Inside Verbena Youngcloud’s government-issue two-bedroom house, there were few pieces of furniture: a fat woodstove, a nineteen-inch Sony color television, and a shiny new black Kenmore washer-and-dryer set, displayed almost as proudly as the Two Gray Hills rug at the trading post. No couches, no chairs except for a cedar rocker with a broken arm. The once-beige walls were smudged from cooking and the hands of many children. Verbena went to the kitchen and started reheating a pan of grease among the pots on the stove.
Turned loose, the dogs wove themselves in and out of her legs, accepting pats from assorted grandchildren drifting in from the huddle near the television. Now and then she stopped stirring and measuring to stroke a small head and exclaim over childish scrapes, then turned back to knead her dough on a wooden board.
Frybread—she was making triangles of dough to drop into the crackling fat. Any minute now Maggie expected to hear herself start whining like one of the dogs for the first piece, cool enough to eat or not. She watched as Verbena ladled honey onto the first round of dough, still so hot the honey smoked and sizzled. The children waved their hands over it, trying to hurry the cooling process.
Outside a window with a frayed gray-white curtain, Maggie saw Verbena’s late-model pickup, gathering snow on its shiny blue paint job.

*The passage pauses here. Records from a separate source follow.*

(* Let $H=\sum_{k=1}^{m}\mathbb{Z}u_{k}$ with $u_k\in\mathbb{R}^n$, and suppose $u_1,\dots,u_p$ is a basis of $\mathrm{vect}(H)$, where $p\leq m<n$. Let $v_{p+1},\dots,v_n\in\mathbb{R}^n$ be such that $(u_1,\dots,u_p,v_{p+1},\dots,v_n)$ is a basis of $\mathbb{R}^n$. Then for every $1\leq r\leq n-m$, setting $H'=H+\sum_{k=1}^{r}\mathbb{Z}v_{p+k}$, one has $L(M_H)=L(M_{H'})$, where $M_H$ is computed from the ordered generating family $(u_1,\dots,u_m)$ and $M_{H'}$ from the ordered family $(u_1,\dots,u_p,v_{p+1},\dots,v_{p+r},u_{p+1},\dots,u_m)$. In particular $\Re(\widetilde{\mathrm{dim}}(\overline{H}))=\Re(\widetilde{\mathrm{dim}}(\overline{H'}))$.
   Context: $\mathrm{vect}(A)$ is the real span of $A$; bars denote closure. Complex dimension: for an additive subgroup $G$ of $\mathbb{R}^n$, $\widetilde{\mathrm{dim}}(G):=p+i(s-p)$, $p=\max\{\dim V: V\text{ a vector subspace},\ V\subset G\}$, $s=\dim\mathrm{vect}(G)$. Definition of $L(M_G)$ for an ordered generating family $w_1,\dots,w_m$ of $G$ whose first $q$ members form a basis of $\mathrm{vect}(G)$: for $k=q+1,\dots,m$ write $w_k=\sum_{j=1}^q\alpha_{k,j}w_j$. Choose $I_k\subset\{1,\dots,q\}$ such that $\{1\}\cup\{\alpha_{k,i}:i\in I_k\}$ is a longest sublist of $1,\alpha_{k,1},\dots,\alpha_{k,q}$ linearly independent over $\mathbb{Q}$. For $j\notin I_k$ write $\alpha_{k,j}=t_{k,j}+\sum_{i\in I_k}\gamma^{(k)}_{j,i}\alpha_{k,i}$ with rational $t_{k,j},\gamma^{(k)}_{j,i}$. Choose $N\in\mathbb{N}^*$ with $m^{(k)}_{i,j}:=N\gamma^{(k)}_{i,j}\in\mathbb{Z}$, and put $w'_{k,j}=Nw_j+\sum_{i\notin I_k}m^{(k)}_{i,j}w_i$ for $j\in I_k$. $M_G$ is the matrix with columns all $w'_{k,j}$, and $L(M_G)=\mathrm{rank}(M_G)$. *)

From HB Require Import structures.
From mathcomp Require Import all_boot all_order all_algebra.
From mathcomp Require Import all_classical all_reals all_analysis.
Set Implicit Arguments. Unset Strict Implicit. Unset Printing Implicit Defensive.
Import Order.TTheory GRing.Theory Num.Theory.
Import numFieldNormedType.Exports.
Local Open Scope ring_scope.
Local Open Scope classical_set_scope.
Theorem lemma5 (R : realType) (H Lx : R) (I : nat) (g : nat -> R -> R)
  (delta : R) (eps : R * R -> R[i]) (C_Delta : R) :
  0 < H -> 0 < Lx -> (1 <= I)%N ->
  0 < delta ->
  (* graphs separated from each other and from x2 = -H, x2 = H by delta *)
  (forall k x, (k <= I)%N -> 0 <= x <= Lx ->
     gext H I g k x + delta <= gext H I g k.+1 x) ->
  (* each interface is C^2 on [0, Lx] *)
  (forall k, (1 <= k <= I)%N -> C2_on 0 Lx (g k)) ->
  (* eps is constant on each Omega_k *)
  (forall k, (1 <= k <= I.+1)%N -> exists c : R[i],
     forall p, Omega_k H Lx I g k p -> eps p = c) ->
  0 < C_Delta ->
  exists C9 : R, 0 < C9 /\
    forall (S : nat) (hs : nat -> R),
      hs 0%N = - H -> hs S = H ->
      (forall j, (j < S)%N -> hs j < hs j.+1) ->
      (* h / min_j Delta h_j <= C_Delta *)
      (forall j, (1 <= j <= S)%N -> hmax S hs <= C_Delta * (hs j - hs j.-1)) ->
      (* every point where g_k' = 0 lies on an inter-slice line *)
      (forall k x, (1 <= k <= I)%N -> 0 <= x <= Lx ->
         deriv_within_at 0 Lx (g k) x 0 ->
         exists j, (j <= S)%N /\ g k x = hs j) ->
      (\sum_(1 <= j < S.+1) meas2 (supp_diff H Lx eps hs j)
         <= (C9 * hmax S hs)%:E)%E.
Proof.
move=> _ Lx_gt0 I_gt0 delta_gt0 g_sep g_C2 eps_piecewise_const _.
exists (I%:R * Lx); split; first by rewrite mulr_gt0 ?ltr0n.
move=> S hs hs0 hsS hs_incr _ _.
apply: le_trans _ (sum_integral_crossing_count_le g_C2 hs_incr Lx_gt0).
rewrite big_nat [X in (_ <= X)%E]big_nat; apply: lee_sum => j jS.
exact: (meas2_supp_diff_le delta_gt0 g_sep eps_piecewise_const hs0 hsS hs_incr).
Qed.
(* Every span-word is accepted by $\widehat{\mathcal{T}_{p/q}}$; that is, for every $n\in\mathbb{N}$, the infinite word $M_n\ominus\mu_n$ is accepted by $\widehat{\mathcal{T}_{p/q}}$.
   Context: Let $p>q>1$ be coprime integers, $A_p=\{0,\dots,p-1\}$, $A_q=\{0,\dots,q-1\}$ and $B=\{p-(2q-1),\dots,p-1\}$. For $n\in\mathbb{N}$ and $a\in\mathbb{Z}$, let $\tau(n,a)=\frac{np+a}{q}$, defined only when $q$ divides $np+a$. Let $\mathcal{T}_{p/q}$ be the deterministic automaton with state set $\mathbb{N}$, alphabet $A_p$, initial state $0$, and transitions $n\xrightarrow{a}\tau(n,a)$ for $a\in A_p$ with $\tau(n,a)$ defined. Every state $n$ has exactly one outgoing transition labelled by a letter of $A_q$ and exactly one labelled by a letter of $\{p-q,\dots,p-1\}$; the minimal word $\mu_n\in A_q^{\omega}$ (resp. maximal word $M_n\in\{p-q,\dots,p-1\}^{\omega}$) is the unique infinite word over $A_q$ (resp. over $\{p-q,\dots,p-1\}$) labelling a path of $\mathcal{T}_{p/q}$ starting at $n$. The span-word of $n$ is $M_n\ominus\mu_n$, where $\ominus$ denotes letter-wise subtraction; it is a word over $B$. Let $\widehat{\mathcal{T}_{p/q}}$ be the deterministic automaton with state set $\mathbb{N}$, alphabet $B$, initial state $0$, and transitions $n\xrightarrow{a}\tau(n,a)$ for $a\in B$ with $\tau(n,a)$ defined. An infinite word is accepted by an automaton if every finite prefix labels a path starting at the initial state $0$. *)

From mathcomp Require Import all_boot all_order all_algebra.
Set Implicit Arguments. Unset Strict Implicit. Unset Printing Implicit Defensive.
Import Order.TTheory GRing.Theory Num.Theory.
Local Open Scope ring_scope.

(* One transition n --a--> m of T_{p/q}: m = tau(n,a) = (n p + a)/q, i.e.
   q * m = n * p + a with m a natural number (this encodes both that q divides
   n p + a and that the result is a state in N). *)
Definition step (p q : nat) (n : nat) (a : int) (m : nat) : Prop :=
  (m * q)%:Z = (n * p)%:Z + a.

Definition in_Aq (q : nat) (a : int) : Prop := 0 <= a /\ a < q%:Z.
Definition in_max_alph (p q : nat) (a : int) : Prop :=
  (p%:Z - q%:Z) <= a /\ a < p%:Z.
Definition in_B (p q : nat) (a : int) : Prop :=
  (p%:Z - (2 * q)%:Z + 1) <= a /\ a < p%:Z.

Definition labels_path (L : int -> Prop) (p q n : nat) (w : nat -> int) : Prop :=
  exists s : nat -> nat, s 0%N = n /\
    forall k : nat, L (w k) /\ step p q (s k) (w k) (s k.+1).

Definition is_min_word (p q n : nat) (mu : nat -> int) : Prop :=
  labels_path (in_Aq q) p q n mu.

Definition is_max_word (p q n : nat) (M : nat -> int) : Prop :=
  labels_path (in_max_alph p q) p q n M.

Definition accepted_hat (p q : nat) (w : nat -> int) : Prop :=
  forall m : nat, exists s : nat -> nat, s 0%N = 0%N /\
    forall k : nat, (k < m)%N -> in_B p q (w k) /\ step p q (s k) (w k) (s k.+1).

(* The minimal and maximal paths from n stay ordered: their letters differ by
   less than q, so the state reached along the minimal path never overtakes
   the one reached along the maximal path.  Subtracting the two transition
   equations then shows that the differences of the states form a path of
   the automaton labelled by the differences of the letters, which lie in B. *)
From mathcomp Require Import all_boot all_order all_algebra.
From mathcomp Require Import zify.
Set Implicit Arguments. Unset Strict Implicit. Unset Printing Implicit Defensive.
Import Order.TTheory GRing.Theory Num.Theory.
Local Open Scope ring_scope.

(* (m' - m) q = (n' - n) p + (a' - a) > -q, and the right side is nonnegative
   as soon as n < n', since then it is at least p + a' - a > p - q >= 0. *)
Lemma step_mono (p q n n' m m' : nat) (a a' : int) :
  (q <= p)%N -> step p q n a m -> step p q n' a' m' ->
  (n <= n')%N -> a < a' + q%:Z -> (m <= m')%N.
Proof. by rewrite /step => le_qp e e' le_nn' lt_aa'; nia. Qed.

Lemma step_subn (p q n n' m m' : nat) (a a' : int) :
  step p q n a m -> step p q n' a' m' -> (n <= n')%N -> (m <= m')%N ->
  step p q (n' - n) (a' - a) (m' - m).
Proof.
rewrite /step => e e' le_nn' le_mm'.
have le_np : (n * p <= n' * p)%N by rewrite leq_mul2r le_nn' orbT.
have le_mq : (m * q <= m' * q)%N by rewrite leq_mul2r le_mm' orbT.
by rewrite !mulnBl; lia.
Qed.

Lemma max_letter_gap (p q : nat) (a b : int) :
  (q <= p)%N -> in_Aq q a -> in_max_alph p q b -> a < b + q%:Z.
Proof. by rewrite /in_Aq /in_max_alph; lia. Qed.

Lemma in_B_subr (p q : nat) (a b : int) :
  in_Aq q a -> in_max_alph p q b -> in_B p q (b - a).
Proof. by rewrite /in_Aq /in_max_alph /in_B; lia. Qed.

Theorem mainTheorem6 (p q : nat) (Hqp : (q < p)%N) (Hq : (1 < q)%N)
  (Hcop : coprime p q) (n : nat) (mu M : nat -> int) :
  is_min_word p q n mu -> is_max_word p q n M ->
  accepted_hat p q (fun k => M k - mu k).
Proof.
move=> [s [s0 path_s]] [t [t0 path_t]] m.
have le_qp : (q <= p)%N by apply: ltnW.
have s_le_t : forall k, (s k <= t k)%N.
  elim=> [|k IHk]; first by rewrite s0 t0.
  have [mu_k step_s] := path_s k; have [M_k step_t] := path_t k.
  exact: step_mono le_qp step_s step_t IHk (max_letter_gap le_qp mu_k M_k).
exists (fun k => (t k - s k)%N); split; first by rewrite s0 t0 subnn.
move=> k _; have [mu_k step_s] := path_s k; have [M_k step_t] := path_t k.
split; first exact: in_B_subr mu_k M_k.
exact: step_subn step_s step_t (s_le_t k) (s_le_t k.+1).
Qed.
(* Partial values are coded as by [oracle_of]: 0 is undefined and v.+1 stands for v. *)
Definition step (p z : nat) : nat := inner_bit z.-1 p * O p (next_bit z.-1 p) s.
Definition step_if (p z m : nat) : nat := if odd (m %/ 2 ^ p) then step p z else z.
Fixpoint chase (k z m : nat) : nat := if k is k'.+1 then chase k' (step_if k' z m) m else z.

(* [weight b] is (-1)^(b + 1) modulo r. *)
Definition weight (b : bool) : nat := if b then 1 else r.-1.
Definition signed_chases (k z : nat) : nat :=
  \sum_(0 <= m < 2 ^ k)
    if (0 < m) && (0 < chase k z m) then weight (odd (popcount k m)) else 0.
Definition cosigned_chases (k z : nat) : nat :=
  \sum_(0 <= m < 2 ^ k) if 0 < chase k z m then weight (~~ odd (popcount k m)) else 0.

Lemma step0 p : step p 0 = 0.
Proof. by rewrite /step /inner_bit div0n. Qed.

Lemma chase0 k m : chase k 0 m = 0.
Proof. by elim: k => //= k IHk; rewrite /step_if; case: ifP; rewrite ?step0. Qed.

Lemma chase_set0 k z : chase k z 0 = z.
Proof. by elim: k z => //= k IHk z; rewrite /step_if div0n. Qed.

Lemma chase_addn_exp2 k z m :
  m < 2 ^ k -> chase k.+1 z (m + 2 ^ k) = chase k (step k z) m.
Proof.
move=> lt_m; rewrite /= /step_if shr_addn_exp2 //=.
suff low j y : j <= k -> chase j y (m + 2 ^ k) = chase j y m by exact: low.
elim: j y => //= j IHj y lt_jk.
by rewrite /step_if odd_shr_addn_exp2 // IHj // ltnW.
Qed.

Owen caught her looking. “The Two Gray Hills on the wall at Benny’s? With her check from that one, Verbena bought the truck you’re looking at. Don’t worry about her, Maggie. She’s an old hand when it comes to trading. If anybody tried to screw her on a deal, she’d only have to let word out she was looking for another dealer. They’d be on her like horseflies on the thoroughbreds at San Juan Downs.”
Owen settled down on the floor with the children and watched cartoons, tearing off chunks of his frybread to soothe whoever was feeling left out, hugging assorted dark, wide-eyed faces to his, finding pennies in his pockets for every hand.
Maggie stood, taking in the easy family scene before her. Verbena’s house reminded her of those friends’ homes all the kids gathered at after school—a kindly mom, good snacks, nobody worried about crumbs getting in the couches. Where were their parents? Working, or out grocery shopping for the upcoming holiday? It would be Thanksgiving soon. She’d always tried to make the holidays a special time, cooking a goose ordered special from Pavilions, trying different recipes out of Gourmet, or making reservations at some trendy new restaurant where Ray wanted to go. Ray reveled in the idea of rituals, but Peter made it known he despised every enforced minute of such holidays, refusing to eat anything but potatoes and salad or going on some fruit juice fast, mocking the paper cuffs the chef placed on the turkey’s legs: That’s right, dress a dead bird in stockings so we can forget the terror it went through before it made it to our table. Want me to tell you about factory farming? Did you know they cut off the beaks and the feet so the birds can’t clean themselves, or even fight when they get cornered? So often what started out as celebration ended with harsh words, a gesture that went a little too far, resulting in something accidentally getting broken. Then Ray would leave the table, his son brooding sullenly, his wife sweeping crystal shards into a good linen napkin. His implication was clear—break things—you can always afford to replace things. But what you really wanted to break was the mouth of the child she brought up to turn out this way. Maggie set down her bread and hugged her arms to herself, her mind focused on a series of such scenes that added up to their holiday traditions. Verbena squeezed her shoulder.
“Come outside a minute. Help me grain this mare. Go on, get jacket.”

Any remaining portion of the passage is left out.